Copy the records below character for character.

[Data to examine]

(* Let $N\ge2$ and $r\ge1$ be integers, let $\mathbf z=(z_1,\dots,z_r)\in\mathbb C^r$ with $|z_i|\le1$ for all $i$ and $z_1\ne0$, and let $(s_1,\dots,s_r)\in U_r$. Then for $r=1$, $$\Big(1-\frac1{z_1}\Big)\mathrm{Li}^\star_{(z_1)}(s_1-1)_{\ge N}+\frac{z_1^{N-1}}{N^{s_1-1}}=\sum_{k\ge0}(-1)^k\frac{(s_1-1)_{k+1}}{(k+1)!}\mathrm{Li}^\star_{(z_1)}(s_1+k)_{\ge N},$$ and for $r>1$, $$\Big(1-\frac1{z_1}\Big)\mathrm{Li}^\star_{\mathbf z}(s_1-1,s_2,\dots,s_r)_{\ge N}+\frac1{z_1}\mathrm{Li}^\star_{(z_1z_2,z_3,\dots,z_r)}(s_1+s_2-1,s_3,\dots,s_r)_{\ge N}=\sum_{k\ge0}(-1)^k\frac{(s_1-1)_{k+1}}{(k+1)!}\mathrm{Li}^\star_{\mathbf z}(s_1+k,s_2,\dots,s_r)_{\ge N}.$$
   Context: $U_r:=\{(s_1,\dots,s_r)\in\mathbb C^r:\Re(s_1+\cdots+s_i)>i\text{ for all }1\le i\le r\}$. For $|w_i|\le1$, the tail of the multiple polylogarithm-star function is $\mathrm{Li}^\star_{(w_1,\dots,w_d)}(s_1,\dots,s_d)_{\ge N}:=\sum_{n_1\ge n_2\ge\cdots\ge n_d\ge N}\frac{w_1^{n_1}\cdots w_d^{n_d}}{n_1^{s_1}\cdots n_d^{s_d}}$. The first term on the left-hand side is taken to be $0$ when $z_1=1$; when $z_1\ne1$ the series defining $\mathrm{Li}^\star_{\mathbf z}(s_1-1,s_2,\dots,s_r)_{\ge N}$ converges. $(s)_k=s(s+1)\cdots(s+k-1)$ is the Pochhammer symbol. *)

From Stdlib Require Import Reals List Arith.
From Coquelicot Require Import Coquelicot.
Import ListNotations.
Open Scope R_scope.

(* x^s := exp(s * ln x) for a real x > 0 and complex s *)
Definition cpow_pos (x : R) (s : C) : C :=
  (exp (Re s * ln x) * cos (Im s * ln x), exp (Re s * ln x) * sin (Im s * ln x)).

Definition CSeries (a : nat -> C) : C :=
  (Series (fun n => Re (a n)), Series (fun n => Im (a n))).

[/Data to examine]

* Answer box *
(* Let $N\ge2$ and $r\ge1$ be integers, let $\mathbf z=(z_1,\dots,z_r)\in\mathbb C^r$ with $|z_i|\le1$ for all $i$ and $z_1\ne0$, and let $(s_1,\dots,s_r)\in U_r$. Then for $r=1$, $$\Big(1-\frac1{z_1}\Big)\mathrm{Li}^\star_{(z_1)}(s_1-1)_{\ge N}+\frac{z_1^{N-1}}{N^{s_1-1}}=\sum_{k\ge0}(-1)^k\frac{(s_1-1)_{k+1}}{(k+1)!}\mathrm{Li}^\star_{(z_1)}(s_1+k)_{\ge N},$$ and for $r>1$, $$\Big(1-\frac1{z_1}\Big)\mathrm{Li}^\star_{\mathbf z}(s_1-1,s_2,\dots,s_r)_{\ge N}+\frac1{z_1}\mathrm{Li}^\star_{(z_1z_2,z_3,\dots,z_r)}(s_1+s_2-1,s_3,\dots,s_r)_{\ge N}=\sum_{k\ge0}(-1)^k\frac{(s_1-1)_{k+1}}{(k+1)!}\mathrm{Li}^\star_{\mathbf z}(s_1+k,s_2,\dots,s_r)_{\ge N}.$$
   Context: $U_r:=\{(s_1,\dots,s_r)\in\mathbb C^r:\Re(s_1+\cdots+s_i)>i\text{ for all }1\le i\le r\}$. For $|w_i|\le1$, the tail of the multiple polylogarithm-star function is $\mathrm{Li}^\star_{(w_1,\dots,w_d)}(s_1,\dots,s_d)_{\ge N}:=\sum_{n_1\ge n_2\ge\cdots\ge n_d\ge N}\frac{w_1^{n_1}\cdots w_d^{n_d}}{n_1^{s_1}\cdots n_d^{s_d}}$. The first term on the left-hand side is taken to be $0$ when $z_1=1$; when $z_1\ne1$ the series defining $\mathrm{Li}^\star_{\mathbf z}(s_1-1,s_2,\dots,s_r)_{\ge N}$ converges. $(s)_k=s(s+1)\cdots(s+k-1)$ is the Pochhammer symbol. *)

From Stdlib Require Import Reals List Arith.
From Coquelicot Require Import Coquelicot.
Import ListNotations.
Open Scope R_scope.

(* x^s := exp(s * ln x) for a real x > 0 and complex s *)
Definition cpow_pos (x : R) (s : C) : C :=
  (exp (Re s * ln x) * cos (Im s * ln x), exp (Re s * ln x) * sin (Im s * ln x)).

Definition CSeries (a : nat -> C) : C :=
  (Series (fun n => Re (a n)), Series (fun n => Im (a n))).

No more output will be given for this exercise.